EXERCISE INPUT
(* Let $r\in\mathbb{Z}$, let $P(r)$ be the lower-triangular matrix with $(n,k)$ entry $[x^n]\,\frac{1+rx^2}{1+x^2}\left(\frac{x}{1+x^2}\right)^k$, let $M(r)=P(r)^{-1}$, and let $s_n=s_n(r)=\sum_{k=0}^n M(r)_{n,k}$ be the row sums of $M(r)$. Then for all $n\ge 0$, $$s_n=\sum_{k=0}^{\lfloor \frac{n}{2} \rfloor} \binom{n}{\lfloor \frac{n-2k}{2} \rfloor}(-1)^k r^k.$$
   Context: $[x^n]h(x)$ denotes the coefficient of $x^n$ in $h(x)$. $P(r)$ is the coefficient array of the restricted Chebyshev–Boubaker polynomials and $M(r)$ is its moment matrix, the Riordan array $\left(\frac{\sqrt{1-4x^2}(r-1)+r+1}{2(r+x^2(r-1)^2)}, \frac{1-\sqrt{1-4x^2}}{2x}\right)$. *)

From mathcomp Require Import all_boot all_order all_algebra.
Set Implicit Arguments. Unset Strict Implicit. Unset Printing Implicit Defensive.
Import GRing.Theory Num.Theory.
Local Open Scope ring_scope.

(* Truncated inverse of a polynomial p with p(0) = 1, modulo x^(n+1):
   1/p = \sum_j (1 - p)^j, and only j <= n contribute to [x^m], m <= n. *)
Definition inv_trunc (p : {poly int}) (n : nat) : {poly int} :=
  \sum_(j < n.+1) (1 - p) ^+ j.

(* [x^n] of the formal power series  num / den  (den(0) = 1). *)
Definition coef_ratio (num den : {poly int}) (n : nat) : int :=
  (num * inv_trunc den n)`_n.

(* P(r)_{n,k} = [x^n] (1 + r x^2)/(1 + x^2) * (x/(1+x^2))^k
              = [x^n] ((1 + r x^2) x^k) / (1 + x^2)^(k+1). *)
Definition Pentry (r : int) (n k : nat) : int :=
  coef_ratio ((1 + r *: 'X^2) * 'X^k) ((1 + 'X^2) ^+ k.+1) n.

Definition Pmat (r : int) (N : nat) : 'M[int]_N :=
  \matrix_(i < N, j < N) Pentry r i j.

(* Since P(r) is lower unitriangular, the leading
   (n+1) x (n+1) block of P(r)^{-1} is the inverse of the leading
   (n+1) x (n+1) block of P(r); so M(r)_{n,k} (k <= n) is read off there. *)
Definition Mentry (r : int) (n : nat) (k : 'I_n.+1) : int :=
  (invmx (Pmat r n.+1)) (ord_max : 'I_n.+1) k.

Arguments Mentry r n k : clear implicits.

Definition srow (r : int) (n : nat) : int :=
  \sum_(k < n.+1) Mentry r n k.

From mathcomp Require Import all_boot all_order all_algebra ring zify.
Import GRing.Theory Num.Theory.
Set Implicit Arguments. Unset Strict Implicit. Unset Printing Implicit Defensive.
Local Open Scope ring_scope.

(** With Q = 1 + x^2 and G = 1 + r x^2, column k of P(r) is G x^k / Q^(k+1),
    so the columns satisfy Q P_(k+1) = x P_k and Q P_0 = G.  These translate
    into three-term recurrences for the entries of P(r), which are mirrored by
    the recurrence b(n+1, k+1) = b(n, k) + b(n, k+2) of the ballot numbers
    b(n, k) (nonnegative +-1 paths of length n from height 0 to height k).
    Hence M(r)_(n,k) = sum_j (-r)^j b(n, k + 2j) is a left inverse of P(r).
    Summing over k, the tails sum_(m >= l) b(n, m) are the binomial
    coefficients C(n, (n - l)/2), which gives the row sums. *)

Lemma big_ord_widen0 (R : Type) (idx : R) (op : Monoid.law idx)
    (F : nat -> R) (n m : nat) :
  (n <= m)%N -> (forall i, (n <= i)%N -> F i = idx) ->
  \big[op/idx]_(i < m) F i = \big[op/idx]_(i < n) F i.
Proof.
move=> le_nm F0; rewrite (big_ord_widen m F le_nm) [RHS]big_mkcond /=.
by apply: eq_bigr => i _; case: ltnP => // /F0.
Qed.

Section LeftInverseByRecurrence.
Variables (R : comNzRingType) (r : R) (M P : nat -> nat -> R).

Definition Pprev (m k : nat) : R := if m is m'.+1 then P m' k else 0.

Hypothesis M_row0 : forall k, M 0 k = (k == 0)%:R.
Hypothesis M_recS : forall n k, M n.+1 k.+1 = M n k + M n k.+2.
Hypothesis M_rec0 : forall n, M n.+1 0 = (1 - r) * M n 1.
Hypothesis P_row0 : forall k, P 0 k = (k == 0)%:R.
Hypothesis P_recS : forall m k, P m.+1 k.+1 + Pprev m k.+1 = P m k.
Hypothesis P_rec0 : forall m, P m.+1 0 + Pprev m 0 = r * (m == 1)%:R.

Lemma M_eq0 n k : (n < k)%N -> M n k = 0.
Proof.
elim: n k => [|n IHn] [|k] lt_nk //.
by rewrite M_recS !IHn ?addr0 //; lia.
Qed.

Lemma sum_M_recS_shift i k K : (i < K)%N ->
  \sum_(j < K) (M i j + M i j.+2) * P j.+1 k =
  \sum_(j < K.+2) M i j * (P j.+1 k + Pprev j k) - M i 1 * P 0 k.
Proof.
move=> lt_iK.
have pad : \sum_(j < K.+2) M i j * P j.+1 k = \sum_(j < K) M i j * P j.+1 k.
  by rewrite !big_ord_recr /= !M_eq0 ?mul0r ?addr0 //; lia.
have shift : \sum_(j < K.+2) M i j * Pprev j k =
    M i 1 * P 0 k + \sum_(j < K) M i j.+2 * P j.+1 k.
  by rewrite !big_ord_recl /= mulr0 add0r.
under eq_bigr do rewrite mulrDl.
under [X in _ = X - _]eq_bigr do rewrite mulrDr.
by rewrite !big_split /= pad shift; ring.
Qed.

Lemma sum_MP_delta i k K : (i < K)%N -> \sum_(j < K) M i j * P j k = (i == k)%:R.
Proof.
elim: i k K => [|i IHi] k [|K] // lt_iK.
  rewrite big_ord_recl big1 => [|j _]; last by rewrite M_row0 mul0r.
  by rewrite M_row0 P_row0 mul1r addr0 eq_sym.
rewrite big_ord_recl; under eq_bigr do rewrite lift0 M_recS.
rewrite sum_M_recS_shift //; case: k => [|k].
  rewrite M_rec0 P_row0; under eq_bigr do rewrite P_rec0.
  rewrite !big_ord_recl big1 => [|j _]; last by rewrite /= !mulr0.
  by rewrite /= !mulr0 !mulr1; ring.
rewrite P_row0 !mulr0 subr0 add0r; under eq_bigr do rewrite P_recS.
by apply: IHi; lia.
Qed.

End LeftInverseByRecurrence.

Section CongruenceModXn.
Variable R : nzSemiRingType.

(* p = q modulo 'X^N.+1 *)
Definition eqmodX (N : nat) (p q : {poly R}) :=
  forall m, (m <= N)%N -> p`_m = q`_m.

Lemma eqmodX_sym N p q : eqmodX N p q -> eqmodX N q p.
Proof. by move=> epq m le_mN; rewrite epq. Qed.

Lemma eqmodX_trans N p q s : eqmodX N p q -> eqmodX N q s -> eqmodX N p s.
Proof. by move=> epq eqs m le_mN; rewrite epq ?eqs. Qed.

Lemma eqmodX_leq N N' p q : (N' <= N)%N -> eqmodX N p q -> eqmodX N' p q.
Proof. by move=> le_N'N epq m le_mN'; apply: epq; apply: leq_trans le_N'N. Qed.

Lemma eqmodX_mull N s p q : eqmodX N p q -> eqmodX N (s * p) (s * q).
Proof.
move=> epq m le_mN; rewrite !coefM; apply: eq_bigr => j _.
by rewrite epq // (leq_trans (leq_subr _ _) le_mN).
Qed.

End CongruenceModXn.

Lemma eqmodX_cancel (R : comNzRingType) N (d e a b : {poly R}) :
  eqmodX N (d * e) 1 -> eqmodX N (d * a) (d * b) -> eqmodX N a b.
Proof.
move=> de1 eab.
have eaa : eqmodX N a (e * (d * a)).
  have -> : e * (d * a) = a * (d * e) by ring.
  by apply: eqmodX_sym; rewrite -[X in eqmodX _ _ X]mulr1; apply: eqmodX_mull.
have ebb : eqmodX N (e * (d * b)) b.
  have -> : e * (d * b) = b * (d * e) by ring.
  by rewrite -[X in eqmodX _ _ X]mulr1; apply: eqmodX_mull.
exact: eqmodX_trans eaa (eqmodX_trans (eqmodX_mull e eab) ebb).
Qed.

Section TruncatedInverse.
Variable d : {poly int}.
Hypothesis d0 : d`_0 = 1.

Lemma mul_inv_trunc N : eqmodX N (d * inv_trunc d N) 1.
Proof.
have telescope : d * inv_trunc d N = 1 - (1 - d) ^+ N.+1.
  have := subrXX 1 (1 - d) N.+1; rewrite expr1n => ->.
  rewrite opprB addrC addrNK /inv_trunc.
  by congr (_ * _); apply: eq_bigr => i _; rewrite expr1n mul1r.
move=> m le_mN; rewrite telescope.
have /factor_theorem[q ->] : root (1 - d) 0.
  by rewrite /root horner_coef0 coefB coef1 d0 subrr.
by rewrite subr0 exprMn coefB coefMXn ltnS le_mN subr0.
Qed.

Lemma eqmodX_cancel_unit N a b : eqmodX N (d * a) (d * b) -> eqmodX N a b.
Proof. exact/eqmodX_cancel/mul_inv_trunc. Qed.

Lemma mul_ratio_trunc N c : eqmodX N (d * (c * inv_trunc d N)) c.
Proof.
by rewrite mulrCA -[c in eqmodX _ _ c]mulr1; apply/eqmodX_mull/mul_inv_trunc.
Qed.

Lemma coef_ratioE c N m : (m <= N)%N -> coef_ratio c d m = (c * inv_trunc d N)`_m.
Proof.
move=> le_mN; suff: eqmodX m (c * inv_trunc d m) (c * inv_trunc d N) by apply.
apply: eqmodX_cancel_unit; apply: eqmodX_trans (mul_ratio_trunc (N := m) c) _.
exact/eqmodX_sym/(eqmodX_leq le_mN)/mul_ratio_trunc.
Qed.

End TruncatedInverse.

Section PColumns.
Variable r : int.

Local Notation Q := (1 + 'X^2 : {poly int}).
Local Notation G := (1 + r *: 'X^2 : {poly int}).

Definition Pcol (k N : nat) : {poly int} := G * 'X^k * inv_trunc (Q ^+ k.+1) N.

Lemma coef0_Qexp k : (Q ^+ k)`_0 = 1.
Proof. by rewrite -horner_coef0 !hornerE expr1n. Qed.

Lemma Pentry_Pcol N m k : (m <= N)%N -> Pentry r m k = (Pcol k N)`_m.
Proof. exact/coef_ratioE/coef0_Qexp. Qed.

Lemma Pcol_recS N k : eqmodX N (Q * Pcol k.+1 N) ('X * Pcol k N).
Proof.
(* After multiplication by Q^(k+1), both sides are G x^(k+1) mod x^(N+1). *)
apply: (@eqmodX_cancel_unit (Q ^+ k.+1)); first exact: coef0_Qexp.
have -> : Q ^+ k.+1 * (Q * Pcol k.+1 N) =
    Q ^+ k.+2 * (G * 'X^(k.+1) * inv_trunc (Q ^+ k.+2) N).
  by rewrite /Pcol [Q ^+ k.+2]exprS; ring.
have -> : Q ^+ k.+1 * ('X * Pcol k N) =
    'X * (Q ^+ k.+1 * (G * 'X^k * inv_trunc (Q ^+ k.+1) N)) by rewrite /Pcol; ring.
apply: eqmodX_trans (mul_ratio_trunc (coef0_Qexp k.+2) _) _.
rewrite (exprS 'X k) mulrCA.
by apply/eqmodX_mull/eqmodX_sym/mul_ratio_trunc/coef0_Qexp.
Qed.

Lemma Pcol_rec0 N : eqmodX N (Q * Pcol 0 N) G.
Proof.
have := mul_ratio_trunc (coef0_Qexp 1) (N := N) G.
by rewrite /Pcol expr1 expr0 mulr1.
Qed.

Lemma coef_QPcol k m :
  (Q * Pcol k m)`_m = Pentry r m k + (if (m < 2)%N then 0 else Pentry r (m - 2) k).
Proof.
rewrite mulrDl mul1r coefD coefXnM -Pentry_Pcol //.
by case: ltnP => // _; rewrite -Pentry_Pcol ?leq_subr.
Qed.

Lemma Pentry_row0 k : Pentry r 0 k = (k == 0)%:R.
Proof.
have := coef_QPcol k 0; rewrite addr0 => <-.
case: k => [|k]; last by rewrite Pcol_recS // coefXM.
by rewrite Pcol_rec0 // coefD coef1 coefZ coefXn mulr0 addr0.
Qed.

Lemma Pentry_recS m k : Pentry r m.+1 k.+1 + Pprev (Pentry r) m k.+1 = Pentry r m k.
Proof.
have := Pcol_recS k (leqnn m.+1).
rewrite coef_QPcol coefXM /= -Pentry_Pcol // => <-.
by case: m => [|m] //=; rewrite subn2.
Qed.

Lemma Pentry_rec0 m : Pentry r m.+1 0 + Pprev (Pentry r) m 0 = r * (m == 1)%:R.
Proof.
have := Pcol_rec0 (leqnn m.+1).
rewrite coef_QPcol coefD coef1 coefZ coefXn add0r => <-.
by case: m => [|m] //=; rewrite subn2.
Qed.

End PColumns.

Section BallotNumbers.
Local Open Scope nat_scope.

Fixpoint ballot (n m : nat) : nat :=
  match n, m with
  | 0, _ => m == 0
  | n'.+1, 0 => ballot n' 1
  | n'.+1, m'.+1 => ballot n' m' + ballot n' m'.+2
  end.

Lemma ballot_eq0 n m : n < m -> ballot n m = 0.
Proof. by elim: n m => [|n IHn] [|m] //= lt_nm; rewrite !IHn //; lia. Qed.

Definition ballot_tail (n m : nat) : nat := \sum_(k < n.+1) ballot n (k + m).

Lemma ballot_tail_recl n m : ballot_tail n m = ballot n m + ballot_tail n m.+1.
Proof.
rewrite /ballot_tail big_ord_recl /= add0n; congr (_ + _).
rewrite [RHS]big_ord_recr /= [ballot n _]ballot_eq0 ?addn0; last by lia.
by apply: eq_bigr => j _; rewrite addSnnS.
Qed.

Lemma ballot_tailSS n m :
  ballot_tail n.+1 m.+1 = ballot_tail n m + ballot_tail n m.+2.
Proof.
have pad l : \sum_(k < n.+2) ballot n (k + l) = ballot_tail n l.
  by rewrite big_ord_recr /= [ballot n _]ballot_eq0 ?addn0 //; lia.
rewrite -!pad -big_split /=; apply: eq_bigr => k _.
by rewrite !addnS.
Qed.

Lemma ballot_tailS0 n : ballot_tail n.+1 0 = ballot_tail n 0 + ballot_tail n 1.
Proof.
by rewrite ballot_tail_recl ballot_tailSS [ballot_tail n 1]ballot_tail_recl /=; lia.
Qed.

Definition binom_tail (n m : nat) : nat :=
  if m <= n then 'C(n, (n - m)./2) else 0.

Lemma binom_tailSS n m : binom_tail n.+1 m.+1 = binom_tail n m + binom_tail n m.+2.
Proof.
rewrite /binom_tail ltnS subSS; case: (leqP m n) => [le_mn|]; last first.
  by move=> lt_nm; rewrite ifN //; lia.
have [d ->] : exists d, n = m + d by exists (n - m); rewrite subnKC.
rewrite addKn; case: d => [|[|d]] /=.
- by rewrite ifN ?bin0 //; lia.
- by rewrite ifN ?bin0 //; lia.
rewrite ifT; last by lia.
by rewrite (_ : m + d.+2 - m.+2 = d); [rewrite binS addnC | lia].
Qed.

Lemma binom_tailS0 n : binom_tail n.+1 0 = binom_tail n 0 + binom_tail n 1.
Proof.
rewrite /binom_tail !subn0 /=; case: n => [|n] //=.
rewrite subSS subn0 binS; congr (_ + _).
have le_half : uphalf n <= n.+1 by rewrite uphalfE; lia.
by rewrite -[RHS](bin_sub le_half); congr 'C(_, _); rewrite uphalfE; lia.
Qed.

Lemma ballot_tailE n m : ballot_tail n m = binom_tail n m.
Proof.
elim: n m => [|n IHn] [|m].
- by rewrite /ballot_tail big_ord1.
- by rewrite /ballot_tail big_ord1.
- by rewrite ballot_tailS0 binom_tailS0 !IHn.
- by rewrite ballot_tailSS binom_tailSS !IHn.
Qed.

End BallotNumbers.

Section ExplicitInverse.
Variable r : int.

Definition Minv (n k : nat) : int :=
  \sum_(j < n.+1) (-r) ^+ j * (ballot n (k + j.*2))%:R.

Lemma Minv_widen n k K : (n < K)%N ->
  Minv n k = \sum_(j < K) (-r) ^+ j * (ballot n (k + j.*2))%:R.
Proof.
move=> lt_nK; rewrite /Minv (big_ord_widen0 _
  (F := fun j => (-r) ^+ j * (ballot n (k + j.*2))%:R) lt_nK) // => j le_nj.
by rewrite ballot_eq0 ?mulr0 //; lia.
Qed.

Lemma Minv_row0 k : Minv 0 k = (k == 0)%:R.
Proof. by rewrite /Minv big_ord1 mul1r addn0. Qed.

Lemma Minv_recS n k : Minv n.+1 k.+1 = Minv n k + Minv n k.+2.
Proof.
rewrite (Minv_widen k (leqnSn n.+1)) (Minv_widen k.+2 (leqnSn n.+1)) -big_split.
by apply: eq_bigr => j _; rewrite !addSn /= natrD mulrDr.
Qed.

Lemma Minv_rec0 n : Minv n.+1 0 = (1 - r) * Minv n 1.
Proof.
set X := \sum_(j < n.+1) (-r) ^+ j.+1 * (ballot n j.*2.+3)%:R.
have M1 : Minv n 1 = (ballot n 1)%:R + X.
  rewrite (Minv_widen 1 (leqnSn n.+1)) big_ord_recl mul1r.
  by congr (_ + _); apply: eq_bigr => j _; rewrite lift0 doubleS add1n.
have M0 : Minv n.+1 0 = (ballot n 1)%:R + (-r) * Minv n 1 + X.
  rewrite /Minv big_ord_recl mul1r -addrA; congr (_ + _).
  rewrite /X mulr_sumr -big_split; apply: eq_bigr => j _.
  by rewrite lift0 doubleS !add0n /= natrD exprS add1n; ring.
by rewrite M0 M1; ring.
Qed.

End ExplicitInverse.

Lemma sum_Minv_Pentry r i k K :
  (i < K)%N -> \sum_(j < K) Minv r i j * Pentry r j k = (i == k)%:R.
Proof.
apply: sum_MP_delta.
- exact: Minv_row0.
- exact: Minv_recS.
- exact: Minv_rec0.
- exact: Pentry_row0.
- exact: Pentry_recS.
- exact: Pentry_rec0.
Qed.

Lemma invmx_Pmat r N : invmx (Pmat r N) = \matrix_(i < N, j < N) Minv r i j.
Proof.
set M := \matrix_(i, j) _.
have MP1 : M *m Pmat r N = 1%:M.
  apply/matrixP => i k; rewrite !mxE; under eq_bigr do rewrite !mxE.
  exact: sum_Minv_Pentry.
have [_ Punit] := mulmx1_unit MP1.
by rewrite -[LHS]mul1mx -MP1 -mulmxA mulmxV // mulmx1.
Qed.

Lemma sum_Minv r n : \sum_(k < n.+1) Minv r n k =
  \sum_(j < n./2.+1) (-r) ^+ j * ('C(n, (n - j.*2)./2))%:R.
Proof.
rewrite exchange_big /=.
under eq_bigr => j _ do rewrite -mulr_sumr -natr_sum -/(ballot_tail n j.*2) ballot_tailE.
have le_half : (n./2 < n.+1)%N by lia.
rewrite (big_ord_widen0 _ (F := fun j => (-r) ^+ j * (binom_tail n j.*2)%:R) le_half)
  => [|j lt_j]; last by rewrite /binom_tail ifN ?mulr0 //; lia.
by apply: eq_bigr => j _; rewrite /binom_tail ifT //; have := ltn_ord j; lia.
Qed.

Theorem mainTheorem5 (r : int) (n : nat) :
  srow r n =
  \sum_(k < n./2.+1) ('C(n, ((n - k.*2)%N)./2))%:R * (-1) ^+ k * r ^+ k.
Proof.
rewrite /srow /Mentry invmx_Pmat; under eq_bigr do rewrite mxE.
by rewrite sum_Minv; apply: eq_bigr => k _; rewrite (exprNn r) mulrC mulrA.
Qed.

WHAT IS EXPECTED
In the listing above, the lines from the one containing "Section ExplicitInverse." through the one containing "Proof. by rewrite /Minv" must be set down exactly, with no other lines.

YOUR SOLUTION
Section ExplicitInverse.
Variable r : int.

Definition Minv (n k : nat) : int :=
  \sum_(j < n.+1) (-r) ^+ j * (ballot n (k + j.*2))%:R.

Lemma Minv_widen n k K : (n < K)%N ->
  Minv n k = \sum_(j < K) (-r) ^+ j * (ballot n (k + j.*2))%:R.
Proof.
move=> lt_nK; rewrite /Minv (big_ord_widen0 _
  (F := fun j => (-r) ^+ j * (ballot n (k + j.*2))%:R) lt_nK) // => j le_nj.
by rewrite ballot_eq0 ?mulr0 //; lia.
Qed.

Lemma Minv_row0 k : Minv 0 k = (k == 0)%:R.
Proof. by rewrite /Minv big_ord1 mul1r addn0. Qed.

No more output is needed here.